Stored data
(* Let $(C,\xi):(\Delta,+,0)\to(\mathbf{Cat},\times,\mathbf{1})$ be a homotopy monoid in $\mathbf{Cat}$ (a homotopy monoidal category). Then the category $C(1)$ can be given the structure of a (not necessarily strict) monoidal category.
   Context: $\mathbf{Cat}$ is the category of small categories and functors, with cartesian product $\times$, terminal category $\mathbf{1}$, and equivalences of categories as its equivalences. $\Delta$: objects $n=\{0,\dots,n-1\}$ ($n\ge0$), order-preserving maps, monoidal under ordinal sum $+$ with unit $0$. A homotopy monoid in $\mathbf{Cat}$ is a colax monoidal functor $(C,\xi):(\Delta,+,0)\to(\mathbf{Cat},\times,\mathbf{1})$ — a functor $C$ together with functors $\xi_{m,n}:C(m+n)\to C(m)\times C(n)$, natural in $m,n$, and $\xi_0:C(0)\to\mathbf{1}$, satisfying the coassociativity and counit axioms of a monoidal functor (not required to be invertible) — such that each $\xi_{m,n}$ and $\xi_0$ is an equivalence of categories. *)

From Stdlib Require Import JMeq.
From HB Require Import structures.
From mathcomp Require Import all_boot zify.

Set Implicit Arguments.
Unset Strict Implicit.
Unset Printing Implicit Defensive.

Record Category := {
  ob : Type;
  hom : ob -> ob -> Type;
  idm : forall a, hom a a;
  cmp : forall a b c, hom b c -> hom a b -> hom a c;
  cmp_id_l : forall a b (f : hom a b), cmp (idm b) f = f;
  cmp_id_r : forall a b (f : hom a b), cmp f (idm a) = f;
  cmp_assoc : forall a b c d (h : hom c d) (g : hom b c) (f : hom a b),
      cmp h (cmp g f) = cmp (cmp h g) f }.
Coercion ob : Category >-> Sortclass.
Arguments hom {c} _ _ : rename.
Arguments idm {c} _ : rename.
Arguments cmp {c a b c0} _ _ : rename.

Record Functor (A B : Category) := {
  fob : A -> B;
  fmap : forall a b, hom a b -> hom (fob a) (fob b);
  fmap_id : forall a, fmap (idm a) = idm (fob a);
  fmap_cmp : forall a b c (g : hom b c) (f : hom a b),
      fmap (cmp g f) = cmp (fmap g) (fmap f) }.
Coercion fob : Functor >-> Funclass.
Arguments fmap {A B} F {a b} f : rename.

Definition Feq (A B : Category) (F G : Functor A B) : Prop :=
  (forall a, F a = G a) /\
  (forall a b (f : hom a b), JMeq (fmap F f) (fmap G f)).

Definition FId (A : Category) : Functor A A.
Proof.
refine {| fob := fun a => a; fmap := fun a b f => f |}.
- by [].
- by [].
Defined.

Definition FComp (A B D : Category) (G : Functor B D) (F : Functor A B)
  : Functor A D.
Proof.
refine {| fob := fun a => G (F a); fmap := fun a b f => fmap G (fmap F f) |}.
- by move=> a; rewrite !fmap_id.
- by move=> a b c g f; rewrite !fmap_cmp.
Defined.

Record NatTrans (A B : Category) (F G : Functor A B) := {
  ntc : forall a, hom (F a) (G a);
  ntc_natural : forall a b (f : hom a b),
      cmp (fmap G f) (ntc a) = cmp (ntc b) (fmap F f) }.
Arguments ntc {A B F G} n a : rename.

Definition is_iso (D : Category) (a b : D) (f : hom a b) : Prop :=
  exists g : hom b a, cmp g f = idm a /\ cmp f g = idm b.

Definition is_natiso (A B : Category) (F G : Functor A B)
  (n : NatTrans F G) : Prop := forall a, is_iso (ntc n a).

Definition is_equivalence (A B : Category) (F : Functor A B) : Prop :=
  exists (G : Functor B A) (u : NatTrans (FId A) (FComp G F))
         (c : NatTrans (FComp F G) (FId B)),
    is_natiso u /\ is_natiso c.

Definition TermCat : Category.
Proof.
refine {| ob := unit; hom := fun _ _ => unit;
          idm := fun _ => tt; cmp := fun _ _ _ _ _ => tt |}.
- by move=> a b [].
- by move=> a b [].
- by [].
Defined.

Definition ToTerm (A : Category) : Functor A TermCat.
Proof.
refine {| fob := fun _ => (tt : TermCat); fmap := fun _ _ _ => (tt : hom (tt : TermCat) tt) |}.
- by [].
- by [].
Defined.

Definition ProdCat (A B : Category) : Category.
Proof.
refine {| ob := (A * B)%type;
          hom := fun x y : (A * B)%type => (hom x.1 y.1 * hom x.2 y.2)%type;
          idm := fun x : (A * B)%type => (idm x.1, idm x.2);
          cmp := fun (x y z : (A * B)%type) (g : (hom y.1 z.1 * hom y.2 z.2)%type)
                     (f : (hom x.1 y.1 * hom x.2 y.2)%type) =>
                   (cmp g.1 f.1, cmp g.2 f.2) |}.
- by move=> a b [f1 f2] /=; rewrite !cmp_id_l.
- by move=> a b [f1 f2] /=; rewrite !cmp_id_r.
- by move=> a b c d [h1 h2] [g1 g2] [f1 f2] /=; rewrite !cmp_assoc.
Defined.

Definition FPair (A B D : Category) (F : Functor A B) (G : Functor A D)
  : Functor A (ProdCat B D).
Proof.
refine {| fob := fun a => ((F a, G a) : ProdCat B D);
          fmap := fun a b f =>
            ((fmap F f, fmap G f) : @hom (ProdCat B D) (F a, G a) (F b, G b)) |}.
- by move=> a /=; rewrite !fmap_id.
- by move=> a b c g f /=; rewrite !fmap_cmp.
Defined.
---
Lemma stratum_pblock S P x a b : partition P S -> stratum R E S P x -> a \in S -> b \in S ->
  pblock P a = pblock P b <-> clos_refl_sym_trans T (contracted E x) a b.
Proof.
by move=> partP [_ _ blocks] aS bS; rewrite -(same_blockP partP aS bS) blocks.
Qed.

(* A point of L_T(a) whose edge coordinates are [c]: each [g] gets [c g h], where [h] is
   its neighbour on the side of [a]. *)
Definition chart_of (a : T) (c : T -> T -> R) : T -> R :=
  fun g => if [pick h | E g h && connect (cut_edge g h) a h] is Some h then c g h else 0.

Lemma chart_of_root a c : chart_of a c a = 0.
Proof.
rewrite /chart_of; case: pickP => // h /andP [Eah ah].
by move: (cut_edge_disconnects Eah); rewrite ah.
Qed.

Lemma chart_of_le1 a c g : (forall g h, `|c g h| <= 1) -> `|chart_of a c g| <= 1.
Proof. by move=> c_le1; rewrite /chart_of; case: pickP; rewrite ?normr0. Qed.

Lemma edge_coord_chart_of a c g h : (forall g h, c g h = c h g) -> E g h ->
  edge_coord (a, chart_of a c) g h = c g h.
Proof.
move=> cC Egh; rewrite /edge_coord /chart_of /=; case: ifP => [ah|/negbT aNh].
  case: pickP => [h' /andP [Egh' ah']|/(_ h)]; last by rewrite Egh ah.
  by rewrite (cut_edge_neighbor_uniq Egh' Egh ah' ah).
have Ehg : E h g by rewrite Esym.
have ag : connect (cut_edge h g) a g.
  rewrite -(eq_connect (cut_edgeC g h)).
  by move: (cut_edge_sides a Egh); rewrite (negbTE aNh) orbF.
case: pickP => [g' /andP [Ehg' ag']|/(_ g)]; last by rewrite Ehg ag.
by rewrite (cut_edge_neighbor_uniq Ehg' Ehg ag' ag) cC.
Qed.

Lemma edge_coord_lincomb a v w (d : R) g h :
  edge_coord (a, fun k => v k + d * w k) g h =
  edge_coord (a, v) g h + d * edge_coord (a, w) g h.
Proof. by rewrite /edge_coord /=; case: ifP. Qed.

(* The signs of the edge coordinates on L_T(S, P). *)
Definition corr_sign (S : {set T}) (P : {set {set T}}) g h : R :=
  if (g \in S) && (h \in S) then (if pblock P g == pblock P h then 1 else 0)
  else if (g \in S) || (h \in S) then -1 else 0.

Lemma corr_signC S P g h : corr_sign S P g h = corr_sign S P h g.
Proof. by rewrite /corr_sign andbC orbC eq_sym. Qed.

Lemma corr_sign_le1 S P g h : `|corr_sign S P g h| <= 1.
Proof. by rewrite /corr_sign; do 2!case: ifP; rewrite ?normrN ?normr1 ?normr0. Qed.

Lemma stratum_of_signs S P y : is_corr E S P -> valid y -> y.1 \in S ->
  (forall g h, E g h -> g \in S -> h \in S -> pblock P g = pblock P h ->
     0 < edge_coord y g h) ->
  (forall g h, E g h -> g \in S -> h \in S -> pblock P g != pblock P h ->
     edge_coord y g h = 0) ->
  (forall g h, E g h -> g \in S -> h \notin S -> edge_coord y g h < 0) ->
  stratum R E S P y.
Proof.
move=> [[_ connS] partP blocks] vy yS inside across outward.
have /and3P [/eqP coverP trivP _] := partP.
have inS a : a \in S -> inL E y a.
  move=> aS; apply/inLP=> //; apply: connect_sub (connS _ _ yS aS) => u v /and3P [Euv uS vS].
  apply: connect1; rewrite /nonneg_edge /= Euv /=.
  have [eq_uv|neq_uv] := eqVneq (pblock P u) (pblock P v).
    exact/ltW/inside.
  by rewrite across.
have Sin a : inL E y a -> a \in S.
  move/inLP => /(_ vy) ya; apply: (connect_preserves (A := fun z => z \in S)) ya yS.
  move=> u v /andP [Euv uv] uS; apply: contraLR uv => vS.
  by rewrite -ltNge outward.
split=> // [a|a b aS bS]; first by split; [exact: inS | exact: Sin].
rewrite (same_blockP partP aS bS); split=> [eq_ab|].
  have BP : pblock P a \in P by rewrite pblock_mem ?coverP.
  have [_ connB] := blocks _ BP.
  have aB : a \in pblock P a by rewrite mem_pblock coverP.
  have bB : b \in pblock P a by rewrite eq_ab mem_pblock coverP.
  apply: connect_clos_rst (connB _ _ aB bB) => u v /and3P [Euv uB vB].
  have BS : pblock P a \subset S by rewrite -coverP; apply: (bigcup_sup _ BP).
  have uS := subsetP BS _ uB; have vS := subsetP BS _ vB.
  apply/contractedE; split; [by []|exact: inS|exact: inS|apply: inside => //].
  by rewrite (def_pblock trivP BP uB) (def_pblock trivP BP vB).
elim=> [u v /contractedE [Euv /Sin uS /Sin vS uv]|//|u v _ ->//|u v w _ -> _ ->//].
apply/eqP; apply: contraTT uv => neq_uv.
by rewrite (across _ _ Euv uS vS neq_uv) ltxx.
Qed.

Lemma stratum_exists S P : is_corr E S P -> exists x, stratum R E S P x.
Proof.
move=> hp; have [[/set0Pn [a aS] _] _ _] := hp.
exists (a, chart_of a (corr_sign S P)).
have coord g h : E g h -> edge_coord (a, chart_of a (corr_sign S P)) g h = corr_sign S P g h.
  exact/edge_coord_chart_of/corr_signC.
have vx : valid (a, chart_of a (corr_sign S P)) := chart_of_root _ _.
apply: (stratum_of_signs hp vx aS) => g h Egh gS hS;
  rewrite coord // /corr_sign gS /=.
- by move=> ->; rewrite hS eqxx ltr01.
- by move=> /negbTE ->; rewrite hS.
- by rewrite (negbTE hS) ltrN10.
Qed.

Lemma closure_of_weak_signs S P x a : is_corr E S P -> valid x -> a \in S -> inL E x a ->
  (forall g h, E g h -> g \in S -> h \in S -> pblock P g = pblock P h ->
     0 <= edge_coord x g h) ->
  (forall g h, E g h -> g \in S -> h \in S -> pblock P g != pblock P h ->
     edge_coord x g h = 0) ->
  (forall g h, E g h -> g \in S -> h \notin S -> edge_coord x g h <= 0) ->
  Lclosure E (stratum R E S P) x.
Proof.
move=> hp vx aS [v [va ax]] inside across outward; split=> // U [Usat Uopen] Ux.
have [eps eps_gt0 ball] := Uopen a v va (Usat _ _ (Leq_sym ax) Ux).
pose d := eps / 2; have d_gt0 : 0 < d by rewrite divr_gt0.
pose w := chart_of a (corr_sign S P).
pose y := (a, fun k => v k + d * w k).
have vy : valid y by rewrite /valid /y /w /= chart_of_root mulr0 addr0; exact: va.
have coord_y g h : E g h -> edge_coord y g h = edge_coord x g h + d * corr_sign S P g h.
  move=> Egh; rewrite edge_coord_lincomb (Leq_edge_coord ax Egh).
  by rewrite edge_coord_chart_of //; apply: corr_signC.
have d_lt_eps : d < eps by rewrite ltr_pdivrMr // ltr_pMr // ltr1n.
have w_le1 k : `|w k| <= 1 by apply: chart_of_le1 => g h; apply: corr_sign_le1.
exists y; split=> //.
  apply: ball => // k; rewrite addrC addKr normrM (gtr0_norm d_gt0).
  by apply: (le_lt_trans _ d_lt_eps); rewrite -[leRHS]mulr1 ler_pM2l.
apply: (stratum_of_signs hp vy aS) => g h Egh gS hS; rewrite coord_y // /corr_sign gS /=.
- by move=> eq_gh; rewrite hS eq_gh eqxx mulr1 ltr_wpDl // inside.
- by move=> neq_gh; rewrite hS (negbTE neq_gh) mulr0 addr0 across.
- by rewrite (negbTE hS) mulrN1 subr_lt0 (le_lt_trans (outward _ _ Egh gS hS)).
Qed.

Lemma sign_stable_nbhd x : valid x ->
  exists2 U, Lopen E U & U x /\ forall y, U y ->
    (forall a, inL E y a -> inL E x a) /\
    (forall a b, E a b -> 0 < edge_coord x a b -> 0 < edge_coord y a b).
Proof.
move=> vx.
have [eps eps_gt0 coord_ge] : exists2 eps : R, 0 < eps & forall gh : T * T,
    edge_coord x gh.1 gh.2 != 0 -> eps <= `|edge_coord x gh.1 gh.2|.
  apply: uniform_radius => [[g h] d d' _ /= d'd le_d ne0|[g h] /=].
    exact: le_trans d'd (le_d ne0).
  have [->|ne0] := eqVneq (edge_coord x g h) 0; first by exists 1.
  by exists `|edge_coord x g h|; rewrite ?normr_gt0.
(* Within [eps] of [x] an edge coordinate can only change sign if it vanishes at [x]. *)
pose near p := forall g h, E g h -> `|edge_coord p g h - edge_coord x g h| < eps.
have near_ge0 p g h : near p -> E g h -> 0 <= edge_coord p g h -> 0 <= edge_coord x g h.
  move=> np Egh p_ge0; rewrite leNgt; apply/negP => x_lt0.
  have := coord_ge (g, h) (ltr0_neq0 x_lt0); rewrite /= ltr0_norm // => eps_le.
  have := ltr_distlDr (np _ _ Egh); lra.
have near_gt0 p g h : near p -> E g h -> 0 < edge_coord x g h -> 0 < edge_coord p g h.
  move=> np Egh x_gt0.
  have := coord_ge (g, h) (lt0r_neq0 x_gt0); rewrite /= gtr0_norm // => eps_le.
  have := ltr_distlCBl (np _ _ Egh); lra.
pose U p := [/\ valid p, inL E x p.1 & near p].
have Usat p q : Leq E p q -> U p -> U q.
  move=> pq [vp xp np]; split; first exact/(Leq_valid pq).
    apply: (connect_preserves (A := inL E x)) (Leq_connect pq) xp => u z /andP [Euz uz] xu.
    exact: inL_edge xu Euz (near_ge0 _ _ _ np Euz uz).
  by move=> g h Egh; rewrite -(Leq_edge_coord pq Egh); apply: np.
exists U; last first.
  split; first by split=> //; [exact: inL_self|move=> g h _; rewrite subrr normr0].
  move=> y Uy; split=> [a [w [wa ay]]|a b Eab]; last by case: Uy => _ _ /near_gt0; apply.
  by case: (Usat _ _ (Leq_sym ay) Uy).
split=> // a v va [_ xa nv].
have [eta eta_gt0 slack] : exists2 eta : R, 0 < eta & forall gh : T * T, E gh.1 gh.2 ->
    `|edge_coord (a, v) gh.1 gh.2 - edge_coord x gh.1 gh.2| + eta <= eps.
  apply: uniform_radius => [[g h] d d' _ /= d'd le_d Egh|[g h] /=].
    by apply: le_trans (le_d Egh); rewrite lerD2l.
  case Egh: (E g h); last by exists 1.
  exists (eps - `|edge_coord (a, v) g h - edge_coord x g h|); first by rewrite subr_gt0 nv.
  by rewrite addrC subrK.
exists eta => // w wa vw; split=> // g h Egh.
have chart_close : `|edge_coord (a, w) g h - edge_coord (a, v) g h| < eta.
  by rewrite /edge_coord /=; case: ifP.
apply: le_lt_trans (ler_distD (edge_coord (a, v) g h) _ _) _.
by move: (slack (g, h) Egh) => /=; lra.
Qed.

■ **EXERCISE GOAL**: Take the records above and return, word for word, only the lines that fall from the line with "strict) monoidal category." to the line with "fmap : forall", both of them included.

■ **TASK OUTPUT**:
(* Let $(C,\xi):(\Delta,+,0)\to(\mathbf{Cat},\times,\mathbf{1})$ be a homotopy monoid in $\mathbf{Cat}$ (a homotopy monoidal category). Then the category $C(1)$ can be given the structure of a (not necessarily strict) monoidal category.
   Context: $\mathbf{Cat}$ is the category of small categories and functors, with cartesian product $\times$, terminal category $\mathbf{1}$, and equivalences of categories as its equivalences. $\Delta$: objects $n=\{0,\dots,n-1\}$ ($n\ge0$), order-preserving maps, monoidal under ordinal sum $+$ with unit $0$. A homotopy monoid in $\mathbf{Cat}$ is a colax monoidal functor $(C,\xi):(\Delta,+,0)\to(\mathbf{Cat},\times,\mathbf{1})$ — a functor $C$ together with functors $\xi_{m,n}:C(m+n)\to C(m)\times C(n)$, natural in $m,n$, and $\xi_0:C(0)\to\mathbf{1}$, satisfying the coassociativity and counit axioms of a monoidal functor (not required to be invertible) — such that each $\xi_{m,n}$ and $\xi_0$ is an equivalence of categories. *)

From Stdlib Require Import JMeq.
From HB Require Import structures.
From mathcomp Require Import all_boot zify.

Set Implicit Arguments.
Unset Strict Implicit.
Unset Printing Implicit Defensive.

Record Category := {
  ob : Type;
  hom : ob -> ob -> Type;
  idm : forall a, hom a a;
  cmp : forall a b c, hom b c -> hom a b -> hom a c;
  cmp_id_l : forall a b (f : hom a b), cmp (idm b) f = f;
  cmp_id_r : forall a b (f : hom a b), cmp f (idm a) = f;
  cmp_assoc : forall a b c d (h : hom c d) (g : hom b c) (f : hom a b),
      cmp h (cmp g f) = cmp (cmp h g) f }.
Coercion ob : Category >-> Sortclass.
Arguments hom {c} _ _ : rename.
Arguments idm {c} _ : rename.
Arguments cmp {c a b c0} _ _ : rename.

Record Functor (A B : Category) := {
  fob : A -> B;
  fmap : forall a b, hom a b -> hom (fob a) (fob b);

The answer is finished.